In an embodiment of the present invention, the bubbling system further includes an auxiliary gas supply device, the auxiliary gas supply device includes a second gas supply tank, a second tank pipeline connecting the second gas supply tank and the first tank pipeline, and a second solenoid valve disposed on the second tank pipeline, the control device is respectively in communication connection with the fourth flowmeter and the second solenoid valve, and the control device is configured to control the opening of the second solenoid valve according to the flow value monitored by the fourth flowmeter.
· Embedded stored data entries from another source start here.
(* Let $\mathbb{X},\mathbb{Y}$ be real Banach spaces such that $\operatorname{Sm}\mathbb{X}$ and $\operatorname{Sm}\mathbb{Y}$ are dense $G_\delta$ subsets of $\mathbb{X}$ and $\mathbb{Y}$ respectively. If a bijective bounded linear operator $T:\mathbb{X}\to\mathbb{Y}$ preserves Birkhoff–James orthogonality at each point of $\operatorname{Sm}\mathbb{X}\cap T^{-1}(\operatorname{Sm}\mathbb{Y})$, then $T$ is a scalar multiple of an isometry, i.e. there is a constant $\lambda>0$ with $\|Tx\|=\lambda\|x\|$ for all $x\in\mathbb{X}$.
   Context: $u\perp_B v$ means $\|u+\lambda v\|\ge\|u\|$ for all real $\lambda$. $T$ preserves Birkhoff–James orthogonality at $x$ if $x\perp_B v$ implies $Tx\perp_B Tv$ for all $v$. For non-zero $z$, $J(z)=\{f\in\mathbb{X}^*:\|f\|=1,\ f(z)=\|z\|\}$; $z$ is smooth if $J(z)$ is a singleton; $\operatorname{Sm}\mathbb{X}$ is the set of smooth points. *)

From HB Require Import structures.
From mathcomp Require Import all_boot all_order all_algebra.
From mathcomp Require Import all_classical all_reals all_analysis.
From mathcomp Require Import borel_hierarchy.
Set Implicit Arguments. Unset Strict Implicit. Unset Printing Implicit Defensive.
Import Order.TTheory GRing.Theory Num.Theory.
Import numFieldNormedType.Exports.
Local Open Scope classical_set_scope.
Local Open Scope ring_scope.

Section BJ.
Context {R : realType} {X : normedModType R}.

Definition bj_orth (u v : X) : Prop := forall l : R, `|u| <= `|u + l *: v|.

Definition linear_functional (f : X -> R) : Prop :=
  forall (a : R) (x y : X), f (a *: x + y) = a * f x + f y.

Definition in_dual (f : X -> R) : Prop := linear_functional f /\ continuous f.

Definition dual_norm (f : X -> R) : R :=
  sup [set `|f x| | x in [set x : X | `|x| <= 1]].

Definition Jset (z : X) : set (X -> R) :=
  [set f | in_dual f /\ dual_norm f = 1 /\ f z = `|z|].

Definition smooth_points : set X :=
  [set z | z != 0 /\ exists f : X -> R, Jset z = [set f]].

End BJ.

Definition preserves_bj_at {R : realType} {X Y : normedModType R}
  (T : X -> Y) (x : X) : Prop :=
  forall v : X, bj_orth x v -> bj_orth (T x) (T v).

From HB Require Import structures.
From mathcomp Require Import all_boot all_order all_algebra.
From mathcomp Require Import all_classical all_reals all_analysis.
From mathcomp Require Import borel_hierarchy.
From mathcomp Require Import ring lra.
Import Order.TTheory GRing.Theory Num.Theory.
Import numFieldNormedType.Exports.
Local Open Scope classical_set_scope.
Local Open Scope ring_scope.

(* For [x] smooth with [T x] smooth, take [f] in [J(x)] and any [w]: the vector
   [w - (f w / |x|) x] lies in [ker f], hence is Birkhoff-James orthogonal to [x],
   and preservation of orthogonality yields
     [|T x| (2 |x| - |x + w|) <= |x| |T (x - w)|].
   By the Baire category theorem such [x] are dense (the preimage of a dense
   open set under a surjective bounded operator is dense), so the inequality
   holds everywhere by continuity.  Along a line [s |-> p + s v] missing [0], it
   bounds the ratio [|T x| / |x|] at [t + s] by its value at [t] up to the second
   difference of the convex function [s |-> |p + s v|], which is [o(s)]; so the
   ratio has nonpositive upper right Dini derivative and does not increase on
   [[0, 1]].  Running the segment both ways makes the ratio constant. *)

Section NormedTopology.
Context {R : realType} {V : normedModType R}.

Lemma open_normP (O : set V) :
  open O <-> forall x, O x -> exists2 r : R, 0 < r & forall y, `|x - y| < r -> O y.
Proof.
split=> [oO x Ox | H].
  have /nbhs_ballP[r r0 Hr] : nbhs x O by exact: open_nbhs_nbhs.
  by exists r => // y xy; apply: Hr; rewrite -ball_normE.
rewrite openE => x /H[r r0 Hr]; apply/nbhs_ballP; exists r => // y.
by rewrite -ball_normE; exact: Hr.
Qed.

Lemma dense_normP {S : set V} : dense S ->
  forall p e, 0 < e -> exists x, S x /\ `|p - x| < e.
Proof.
move=> dS p e e0.
have [x [px Sx]] := dS (ball p e) (ex_intro _ p (ballxx p e0)) (ball_open p e).
by exists x; split => //; move: px; rewrite -ball_normE.
Qed.

Lemma subset_dense (A B : set V) : dense A -> A `<=` B -> dense B.
Proof.
move=> dA AB O O0 oO; have [x [Ox Ax]] := dA O O0 oO.
by exists x; split => //; apply: AB.
Qed.

Lemma continuous_at_normP {W : normedModType R} {f : V -> W} {t} :
  {for t, continuous f} ->
  forall e, 0 < e -> exists2 d, 0 < d & forall s, `|t - s| < d -> `|f t - f s| < e.
Proof.
move=> ft e e0; have : \forall s \near t, `|f t - f s| < e by exact: cvgr_dist_lt.
move=> /nbhs_ballP[d d0 Hd].
by exists d => // s ts; apply: Hd; rewrite -ball_normE.
Qed.

End NormedTopology.

Section BairePreimage.
Context {R : realType} {X Y : completeNormedModType R} (T : {linear X -> Y}).
Hypothesis T_surj : forall y, exists x, T x = y.
Hypothesis T_cont : continuous T.

(* Each [F k] is a dense open rescaling of [W] around [T x0]; a point of their
   intersection pulls back through [T] to points of the preimage arbitrarily
   close to [x0]. This avoids the open mapping theorem. *)
Lemma preimage_open_dense (W : set Y) : open W -> dense W -> dense (T @^-1` W).
Proof.
move=> oW dW O [x0 Ox0] oO; apply: contrapT => noW.
have [r r0 Or] := (open_normP O).1 oO x0 Ox0.
pose a (k : nat) : R := k.+1%:R^-1.
have a0 k : 0 < a k by rewrite invr_gt0 ltr0n.
pose F k := [set y : Y | W (T x0 + a k *: y)].
have oF k : open (F k).
  apply/open_normP => y /((open_normP W).1 oW)[rho rho0 Wrho].
  exists (rho / a k) => [|z yz]; first by rewrite divr_gt0.
  apply: Wrho; rewrite opprD addrACA subrr add0r -scalerBr normrZ gtr0_norm //.
  by rewrite mulrC -ltr_pdivlMr.
have dF k : dense (F k).
  move=> U [u Uu] oU; have [rho rho0 Urho] := (open_normP U).1 oU u Uu.
  have [w [Ww uw]] := dense_normP dW (T x0 + a k *: u) _ (mulr_gt0 (a0 k) rho0).
  exists ((a k)^-1 *: (w - T x0)); split; last first.
    by rewrite /F /= scalerA mulfV ?gt_eqF // scale1r addrC subrK.
  apply: Urho.
  have -> : u - (a k)^-1 *: (w - T x0) = (a k)^-1 *: (T x0 + a k *: u - w).
    rewrite !(scalerDr, scalerBr, scalerN, scalerA) mulVf ?gt_eqF // scale1r.
    by rewrite opprB addrA (addrC u).
  by rewrite normrZ gtr0_norm ?invr_gt0 // mulrC ltr_pdivrMr // mulrC.
have [y [_ Fy]] := Baire (fun k => conj (oF k) (dF k)) (ex_intro _ 0 I) openT.
have [x Txy] := T_surj y.
pose k := Num.Def.trunc (`|x| / r).
apply: noW; exists (x0 + a k *: x); split; last first.
  by rewrite /= linearD linearZ Txy; exact: (Fy k I).
apply: Or; rewrite opprD addrA subrr add0r normrN normrZ gtr0_norm //.
rewrite mulrC ltr_pdivrMr ?ltr0n // mulrC -ltr_pdivrMr //.
exact: truncnS_gt.
Qed.

Lemma dense_GdeltaI_preimage {A : set X} {B : set Y} :
  dense A -> Gdelta A -> dense B -> Gdelta B -> dense (A `&` T @^-1` B).
Proof.
move=> dA [U oU eA] dB [W oW eB].
pose F i := U i `&` T @^-1` W i.
have odF i : open (F i) /\ dense (F i).
  split; first by apply: openI => //; move/continuousP: T_cont; apply.
  apply: denseI => //.
    by apply: subset_dense dA _; rewrite eA => x /(_ i I).
  apply: preimage_open_dense => //.
  by apply: subset_dense dB _; rewrite eB => y /(_ i I).
apply: subset_dense (Baire odF) _ => x Fx; split.
  by rewrite eA => i _; have [] := Fx i I.
by rewrite eB => i _; have [] := Fx i I.
Qed.

End BairePreimage.

Section LinearFunctional.
Context {R : realType} {X : normedModType R} {f : X -> R}.
Hypothesis f_lin : linear_functional f.

Lemma linear_functional0 : f 0 = 0.
Proof. by have := f_lin 1 0 0; rewrite scale1r addr0 mul1r; lra. Qed.

Lemma linear_functionalZ a x : f (a *: x) = a * f x.
Proof. by have := f_lin a x 0; rewrite !addr0 linear_functional0 addr0. Qed.

Lemma linear_functionalD x y : f (x + y) = f x + f y.
Proof. by have := f_lin 1 x y; rewrite scale1r mul1r. Qed.

End LinearFunctional.

Lemma in_dual_le_norm {R : realType} {X : normedModType R} (f : X -> R) :
  in_dual f -> dual_norm f <= 1 -> forall z, f z <= `|z|.
Proof.
move=> [f_lin f_cont] nf.
(* [dual_norm] is meaningful only for a bounded set: [sup] of an unbounded set
   is a junk value. Boundedness comes from continuity at [0]. *)
have [r r0 fr] := continuous_at_normP (f_cont 0) 1 ltr01.
have bounded : has_sup [set `|f y| | y in [set y : X | `|y| <= 1]].
  split; first by exists `|f 0|, 0 => //=; rewrite normr0 ler01.
  exists (2 / r) => _ [y /= y1 <-].
  have ry : `|0 - (r / 2) *: y| < r.
    rewrite sub0r normrN normrZ gtr0_norm ?divr_gt0 //.
    by have := normr_ge0 y; nra.
  have := fr _ ry; rewrite (linear_functional0 f_lin) sub0r normrN.
  rewrite (linear_functionalZ f_lin).
  rewrite normrM gtr0_norm ?divr_gt0 // ler_pdivlMr // => h.
  by rewrite mulrC; lra.
move=> z; have [->|z0] := eqVneq z 0; first by rewrite (linear_functional0 f_lin) normr0.
have nz : 0 < `|z| by rewrite normr_gt0.
have : `|f (`|z|^-1 *: z)| <= 1.
  apply: le_trans nf; apply: sup_upper_bound => //; exists (`|z|^-1 *: z) => //=.
  by rewrite normrZ normrV ?unitfE ?normr_eq0 // normr_id mulVf ?gt_eqF.
rewrite (linear_functionalZ f_lin) normrM normrV ?unitfE ?normr_eq0 // normr_id.
by rewrite ler_pdivrMl // mulr1; apply: le_trans; rewrite ler_norm.
Qed.

Section BJInequality.
Context {R : realType} {X Y : normedModType R} (T : {linear X -> Y}).

(* [x - w = lam (x - lam^-1 u)] with [u = w - (f w / |x|) x] in [ker f] and
   [lam = 1 - f w / |x|]; for [lam <= 0] the left-hand side is nonpositive. *)
Lemma preserves_bj_at_norm_ineq x w f : x != 0 -> Jset x f ->
  preserves_bj_at T x -> `|T x| * (2 * `|x| - `|x + w|) <= `|x| * `|T (x - w)|.
Proof.
move=> x0 [f_dual [nf fx]] bjT; have f_lin := f_dual.1.
have f_le : forall z, f z <= `|z| by apply: in_dual_le_norm; rewrite ?nf.
have nx : 0 < `|x| by rewrite normr_gt0.
set b := f w; set lam := 1 - b / `|x|.
have eb : b / `|x| * `|x| = b by rewrite mulfVK ?gt_eqF.
have lam_ge : 2 * `|x| - `|x + w| <= lam * `|x|.
  have := f_le (x + w); rewrite (linear_functionalD f_lin) fx -/b.
  by rewrite /lam mulrBl mul1r eb; lra.
have nTx := normr_ge0 (T x); have nTxw := normr_ge0 (T (x - w)).
have [lam0|lam0] := ltP 0 lam; last first.
  have : 2 * `|x| - `|x + w| <= 0 by nra.
  nra.
pose u := (- (b / `|x|)) *: x + w.
have x_bj_u : bj_orth x u.
  move=> l; have := f_le (x + l *: u).
  rewrite (linear_functionalD f_lin) (linear_functionalZ f_lin) fx.
  by rewrite /u f_lin fx mulNr eb -/b addNr mulr0 addr0.
have ex : x - w = lam *: (x + (- lam^-1) *: u).
  rewrite scalerDr scalerA mulrN mulfV ?gt_eqF // scaleN1r /u /lam.
  by rewrite scalerBl scale1r opprD scaleNr opprK addrA subrK.
have : lam * `|T x| <= `|T (x - w)|.
  rewrite ex linearZ normrZ gtr0_norm // ler_pM2l //.
  by rewrite linearD linearZ; exact: bjT.
by nra.
Qed.

Lemma norm_ineq_dense {S : set X} : continuous T -> dense S ->
  (forall x w, S x -> `|T x| * (2 * `|x| - `|x + w|) <= `|x| * `|T (x - w)|) ->
  forall x w, `|T x| * (2 * `|x| - `|x + w|) <= `|x| * `|T (x - w)|.
Proof.
move=> T_cont dS ineqS x w.
pose Phi z := `|z| * `|T (z - w)| - `|T z| * (2 * `|z| - `|z + w|).
suff : 0 <= Phi x by rewrite subr_ge0.
have Phi_cont : {for x, continuous Phi}.
  have Tw_cont : {for x, continuous (fun z => T (z - w))}.
    apply: (@continuous_comp _ _ _ (fun z => z - w) T); last exact: T_cont.
    by apply: cvgB => //; exact: cvg_cst.
  apply: cvgB; apply: cvgM; try exact: cvg_norm.
  - exact: cvg_norm (T_cont x).
  - apply: cvgB; first by apply: cvgM; [exact: cvg_cst | exact: cvg_norm].
    by apply: cvg_norm; apply: cvgD => //; exact: cvg_cst.
apply/ler_addgt0Pr => e e0.
have [d d0 Phid] := continuous_at_normP Phi_cont e e0.
have [z [Sz xz]] := dense_normP dS x d d0.
have := ineqS z w Sz; rewrite -subr_ge0 -/(Phi z).
by have := Phid z xz; rewrite ltr_norml; lra.
Qed.

End BJInequality.

Section RealFunctions.
Context {R : realType}.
Through the technical scheme, the bubbling system for the glass kiln provided by the embodiment of the invention has the following beneficial effects:

the bubbling system for the glass kiln comprises a bubbling device and a stamping device, wherein the bubbling device comprises a first gas supply part for providing a bubbling gas source, a first gas supply pipeline connected with the first gas supply part and a bubbling pipe connected with the first gas supply pipeline, the stamping device comprises a stamping pipeline connected with the first gas supply pipeline and a high-pressure gas source part for leading a high-pressure gas source to the stamping pipeline, namely, the bubbling air source provided by the first air supply member can be introduced into the bubbling pipe through the first air supply pipeline to complete the bubbling operation of the molten glass in the glass kiln, in the process of plugging the bubbling tube by the heavy metal impurity glass liquid, a high-pressure gas source provided by the high-pressure gas source piece can be introduced into the bubbling tube through the stamping pipeline and the first gas supply pipeline so as to break the plugging of the heavy metal impurity glass liquid by the high-pressure gas source, thereby avoiding the phenomenon of blocking the bubbling pipe and achieving the purpose of improving the homogenization and clarification effects of the glass liquid in the glass kiln.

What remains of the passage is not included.